Roche’s Vabysmo Grabs Top Growth Spot As Sales Decline

The strong launch of Roche Holding AG’s ophthalmological drug Vabysmo shows no signs of slowing down according to a new earnings report, even as the firm’s total sales tailed off with the end of the COVID-19 pandemic.

Roche’s Q1 group sales dipped by 3% in constant currencies to CHF15.32bn ($17.21bn) due to a significant decline in demand for its COVID-19 antigen self-test kits, although the firm stressed this was expected when considering exceptionally high demand this time last year at the peak of the Omicron wave.

The Swiss major expects the decline to continue over the course of 2023 but its guidance also outlines solid sales growth for both its pharmaceutical and diagnostic divisions. On a positive note, Q1 pharma sales increased by 9% to CHF11.7bn, driven by strong global demand for new medicines to treat severe diseases.

The biggest growth driver was Vabysmo (faricimab), which launched early last year and is indicated for neurovascular age-related macular degeneration (AMD) and diabetic macular edema (DME). First quarter sales of the product rocketed by more than 500% to CHF432m.

“This makes Vabysmo one of the most successful launches in our history,” said Roche Group CEO Thomas Schinecker. The bispecific antibody is the first therapy to target both vascular endothelial growth factor (VEGF) and angiopoietin-2 unlike older competitors that target VEGF alone such as Novartis AG’s Lucentis (ranibizumab), which saw Q1 sales plummet by 20% to $416m. (Also see "Novartis Culls Pipeline As ‘Pure-Play’ Drive Progresses" - Scrip, 25 Apr, 2023.)

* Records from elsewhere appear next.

(* Let $\delta\in\{1,-1\}$ and let $\alpha,\beta,\gamma\in\mathbb{Z}[i]$ satisfy $\alpha^2+(1+\delta i)\beta^2+\gamma^2=0$, $\alpha\beta\gamma\neq0$ and $\gcd(\alpha,\beta,\gamma)\in U$. Then $\beta\equiv0\pmod{(1+i)^2}$.
   Context: $\mathbb{Z}[i]$ is the ring of Gaussian integers, $U=\{1,-1,i,-i\}$ its unit group; $\gcd(\alpha,\beta,\gamma)\in U$ means no common non-unit divisor. *)

From mathcomp Require Import all_boot all_order all_algebra all_field.
Set Implicit Arguments. Unset Strict Implicit. Unset Printing Implicit Defensive.
Import Order.TTheory GRing.Theory Num.Theory.
Local Open Scope ring_scope.

Definition gaussian (z : algC) : Prop :=
  exists a b : int, z = a%:~R + 'i * b%:~R.

Definition gdvd (d x : algC) : Prop :=
  exists q, gaussian q /\ x = q * d.

(* gcd(a,b,c) in U: every common divisor in Z[i] is a unit of Z[i] *)
Definition gcd3_unit (a b c : algC) : Prop :=
  forall d, gaussian d -> gdvd d a -> gdvd d b -> gdvd d c -> gdvd d 1.

(* Since (1 + i)^2 = 2i, the claim says that both coordinates b1, b2 of beta
   are even; only the equation is needed, not the nonvanishing or coprimality
   hypotheses.  Taking real and imaginary parts of the equation gives two
   integer equations.  The imaginary one, read mod 2, forces b1 = b2 (mod 2).
   If both were odd, the real one, read mod 4, would make exactly one
   coordinate of alpha and exactly one of gamma odd; then a1 a2 + b1 b2 + c1 c2
   is odd, contradicting the imaginary equation read mod 4. *)
From mathcomp Require Import all_boot all_order all_algebra all_field.
From mathcomp Require Import zify ring.
Import GRing.Theory Num.Theory.
Local Open Scope ring_scope.

Lemma int_even_or_odd (x : int) : exists p, x = 2 * p \/ x = 2 * p + 1.
Proof.
exists (x %/ 2)%Z; have := divz_eq x 2.
have := modz_ge0 x (isT : (2 : int) != 0); have := ltz_pmod x (isT : (0 : int) < 2).
lia.
Qed.

Section ParityArgument.
Context {d a1 a2 b1 b2 c1 c2 : int}.
Hypothesis d_unit : d = 1 \/ d = -1.
Hypothesis re_eq0 :
  a1 * a1 - a2 * a2 + b1 * b1 - b2 * b2 - 2 * d * b1 * b2 + c1 * c1 - c2 * c2 = 0.
Hypothesis im_eq0 :
  2 * a1 * a2 + 2 * b1 * b2 + d * b1 * b1 - d * b2 * b2 + 2 * c1 * c2 = 0.

Lemma coords_same_parity q : b1 = b2 + (2 * q + 1) -> False.
Proof. by move=> b1E; move: im_eq0; rewrite b1E; case: d_unit => ->; lia. Qed.

Lemma coords_not_both_odd {q1 q2} : b1 = 2 * q1 + 1 -> b2 = 2 * q2 + 1 -> False.
Proof.
move=> b1E b2E.
have [p1 a1E] := int_even_or_odd a1; have [p2 a2E] := int_even_or_odd a2.
have [r1 c1E] := int_even_or_odd c1; have [r2 c2E] := int_even_or_odd c2.
move: re_eq0 im_eq0; rewrite b1E b2E.
by case: d_unit => ->; case: a1E => ->; case: a2E => ->; case: c1E => ->;
  case: c2E => ->; lia.
Qed.

Lemma coords_even : exists k1 k2, b1 = 2 * k1 /\ b2 = 2 * k2.
Proof.
have [q1 [b1E|b1E]] := int_even_or_odd b1; have [q2 [b2E|b2E]] := int_even_or_odd b2.
- by exists q1, q2.
- by case: (coords_same_parity (- q1 + q2 - 1)); lia.
- by case: (coords_same_parity (q1 - q2)); lia.
- by case: (coords_not_both_odd b1E b2E).
Qed.

End ParityArgument.

Lemma rect_int_eq0 (x y : int) : x%:~R + 'i * y%:~R = 0 :> algC -> x = 0 /\ y = 0.
Proof.
move=> E; split; apply/eqP; rewrite -(intr_eq0 algC); apply/eqP.
- by have := congr1 (fun z => 'Re z) E; rewrite Re_rect ?realz // raddf0.
- by have := congr1 (fun z => 'Im z) E; rewrite Im_rect ?realz // raddf0.
Qed.

Lemma eqn_re_im (d a1 a2 b1 b2 c1 c2 : int) :
  (a1%:~R + 'i * a2%:~R) ^+ 2 + (1 + d%:~R * 'i) * (b1%:~R + 'i * b2%:~R) ^+ 2
    + (c1%:~R + 'i * c2%:~R) ^+ 2 = 0 :> algC ->
  a1 * a1 - a2 * a2 + b1 * b1 - b2 * b2 - 2 * d * b1 * b2 + c1 * c1 - c2 * c2 = 0
  /\ 2 * a1 * a2 + 2 * b1 * b2 + d * b1 * b1 - d * b2 * b2 + 2 * c1 * c2 = 0.
Proof. by move=> E; apply: rect_int_eq0; rewrite -E; ring: (@sqrCi algC). Qed.

Lemma gdvd_sqr1i_double (k1 k2 : int) :
  gdvd ((1 + 'i) ^+ 2) ((2 * k1)%:~R + 'i * (2 * k2)%:~R).
Proof.
exists (k2%:~R + 'i * (- k1)%:~R); split; first by exists k2, (- k1).
by ring: (@sqrCi algC).
Qed.

Theorem lemma4p12 (delta : int) (alpha beta gamma : algC) :
  (delta = 1 \/ delta = -1) ->
  gaussian alpha -> gaussian beta -> gaussian gamma ->
  alpha ^+ 2 + (1 + delta%:~R * 'i) * beta ^+ 2 + gamma ^+ 2 = 0 ->
  alpha * beta * gamma != 0 ->
  gcd3_unit alpha beta gamma ->
  gdvd ((1 + 'i) ^+ 2) beta.
Proof.
move=> d_unit [a1 [a2 ->]] [b1 [b2 ->]] [c1 [c2 ->]] /eqn_re_im[re_eq0 im_eq0] _ _.
have [k1 [k2 [-> ->]]] := coords_even d_unit re_eq0 im_eq0.
exact: gdvd_sqr1i_double.
Qed.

Roche unveiled post hoc analysis data on 25 April showing that Vabysmo led to greater and faster drying of retinal fluid with fewer injections when compared with Bayer AG/Regeneron Pharmaceuticals, Inc.’s anti-VEGF Eylea (aflibercept), another significant competitor.

Last year, Vabysmo showed non-inferiority versus Eylea in the visual acuity gain primary endpoint of two pivotal trials in macular edema due to branch and central vein occlusion, respectively, with label expansions anticipated. (Also see "Roche’s Vabysmo Chases Regeneron’s Eylea With New Pivotal Macular Edema Wins" - Scrip, 27 Oct, 2022.)

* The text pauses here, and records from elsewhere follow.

Lemma charfn_le1 a : `|charfn rho a| <= 1.
Proof. exact: (trace_unitary_le1 rho_state.1 rho_state.2 (weyl_unitary _)). Qed.

Lemma charfn1_invariant a :
  charfn rho a = 1 -> forall x y, opmul rho (weyl a) x y = rho x y.
Proof.
move=> Xa1 x y.
rewrite (trace_unitary_eq1 rho_state.1 rho_state.2 (weyl_unitary _) Xa1 x y).
by apply: eq_bigr => z _; rewrite conj_weyl psoppK.
Qed.

Lemma weyl_power_invariant a :
  (forall x y, opmul rho (weyl a) x y = rho x y) ->
  forall (k : nat) x y, opmul rho (weyl (psc k%:R a)) x y = rho x y.
Proof.
move=> inv; elim=> [|k IH] x y.
  by rewrite psc0 /opmul; under eq_bigr do rewrite weyl0; rewrite sum_delta'.
transitivity (opmul (opmul rho (weyl a)) (weyl (psc k%:R a)) x y).
  rewrite mulrS /opmul; under eq_bigr do rewrite -(weyl_mul a k%:R) /opmul mulr_sumr.
  rewrite exchange_big /=; apply: eq_bigr => z _; rewrite mulr_suml.
  by apply: eq_bigr => w _; rewrite mulrA.
by rewrite -IH; apply: eq_bigr => z _; rewrite inv.
Qed.

Lemma charfn1_scale a : charfn rho a = 1 -> forall c, charfn rho (psc c a) = 1.
Proof.
move=> Xa1 c; have inv := weyl_power_invariant (charfn1_invariant Xa1) (val (- c)).
rewrite natr_Zp in inv.
by rewrite /charfn psopp_psc /optr -rho_state.2; apply: eq_bigr => x _; exact: inv.
Qed.
End StateCharfn.

Section BeamSplitter.
Variables (s t : F).
Hypothesis st_unit : s ^+ 2 + t ^+ 2 = 1.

However, Bayer and Regeneron are working on a high-dose reformulation of their drug that could enter the market in August and help the companies win back significant market share. Furthermore, copycat versions of Eylea are in the works and set to increase pricing competition. (Also see "Roche’s Vabysmo Chases Regeneron’s Eylea With New Pivotal Macular Edema Wins" - Scrip, 27 Oct, 2022.).

Besides Vabysmo, another key growth driver for the Swiss major was its spinal muscular atrophy treatment Evrysdi (risdiplam), first quarter sales of which rose by 62% to CHF363m. More than 8,500 people to date have been treated with the therapy, which is approved in more than 90 countries.

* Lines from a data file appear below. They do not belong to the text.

Lemma dstar_approx_list x d K : 0 < d -> exists l, NoDup l /\ length l = K /\
  forall k, (k < K)%nat -> dstar x k - d < Rabs (x (nth k l 0%nat)).
Proof.
  intros Hd; induction K as [|K [l [Hnd [Hlen Hl]]]].
  - exists nil; repeat split; [constructor|intros; lia].
  - assert (Hnf := not_few_above_of_lt_dstar x (dstar x K - d) K ltac:(lra)).
    assert (HA : exists A, NoDup A /\ (forall i, In i A -> dstar x K - d < Rabs (x i))
                          /\ (K < length A)%nat).
    { apply NNPP; intros Hno; apply Hnf; intros A HA Hi.
      destruct (Compare_dec.le_lt_dec (length A) K); auto; exfalso; apply Hno; eauto. }
    destruct HA as [A [HAnd [HAi HAlen]]].
    assert (Ha : exists a, In a A /\ ~ In a l).
    { apply NNPP; intros Hno.
      assert (incl A l) by (intros a Ha; apply NNPP; intro; apply Hno; eauto).
      pose proof (NoDup_incl_length HAnd H); lia. }
    destruct Ha as [a [HaA Hal]].
    exists (l ++ a :: nil); split; [|split].
    + apply NoDup_app; auto; [repeat constructor; intros []|].
      intros i Hi [<-|[]]; contradiction.
    + rewrite length_app; simpl; lia.
    + intros k Hk; destruct (Nat.eq_dec k K) as [->|Hne].
      * rewrite <- Hlen at 2; rewrite nth_middle; auto.
      * rewrite app_nth1 by lia; apply Hl; lia.
Qed.

Lemma bounded_seq_of_cvg0 x : is_lim_seq x 0 -> bounded_seq x.
Proof.
  intros Hx; apply is_lim_seq_spec in Hx; destruct (Hx (mkposreal 1 Rlt_0_1)) as [M HM].
  exists (1 + psum (fun i => Rabs (x i)) M); intro i.
  pose proof (psum_nonneg (fun i => Rabs (x i)) M (fun i => Rabs_pos _)).
  destruct (Compare_dec.le_lt_dec M i) as [Hle|Hlt].
  - specialize (HM i Hle); simpl in HM; rewrite Rminus_0_r in HM; lra.
  - assert (Rabs (x i) <= psum (fun i => Rabs (x i)) M); [|lra].
    eapply Rle_trans; [|apply psum_le_psum_len with (K := S i); [intros; apply Rabs_pos|lia]].
    simpl; pose proof (psum_nonneg (fun i => Rabs (x i)) i (fun i => Rabs_pos _)); lra.
Qed.

Lemma bounded_seq_trunc_dstar x N : bounded_seq x -> bounded_seq (trunc N (dstar x)).
Proof.
  intros Hb; exists (dstar x 0); intros i; unfold trunc; destruct (Nat.leb N i).
  - rewrite Rabs_pos_eq by apply dstar_nonneg; apply dstar_antitone; auto; lia.
  - rewrite Rabs_R0; apply dstar_nonneg.
Qed.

Evrysdi’s success is likely to continue given long-term data released last month from the pivotal SUNFISH trial, which showed that improvements in motor function were maintained through the fourth year of treatment.

“Looking ahead we have one of the youngest portfolios in the industry,” Schinecker said on an earnings call. “Since 2019, we’ve launched 19 new medicines and in total we have 83 new potential medicines and about 150 projects in our pharma pipeline. This year, we are aiming for the approval of three new medicines.”

Duchenne Drug Candidate Faces New Controversy

The first of these – Columvi (glofitamab) – is a CD20xCD3 T-cell-engaging bispecific antibody that received Canadian approval for the treatment of relapsed or refractory diffuse large B-cell lymphoma last month and Roche will continue with regulatory activities in other markets.

Two other contenders with approvals anticipated in 2023 are Sarepta Therapeutics, Inc.-partnered Duchenne muscular dystrophy candidate, SRP-9001, and paroxysmal nocturnal haemoglobinuria asset, crovalimab.

However, the fate of the former is uncertain after the US Food and Drug Administration delayed an approval decision in favour of an advisory committee meeting, after it transpired that SRP-9001 was filed against the wishes of the agency’s reviewers in the first place. (Also see "10 Approvals To Look Out For In Q2" - Scrip, 20 Apr, 2023.)

Slips Away From Immunocore Collaboration

Notably, the Swiss firm’s earnings presentation revealed it had removed three Phase I trials from its development pipeline, including two for an Immunocore, Ltd.-partnered bispecific T-cell engager targeting MAGE-A4. The firm had paid $100m in upfront and near-term milestone to the partner back in 2018 for access to the candidate, but Immunocore stopped funding the program in February.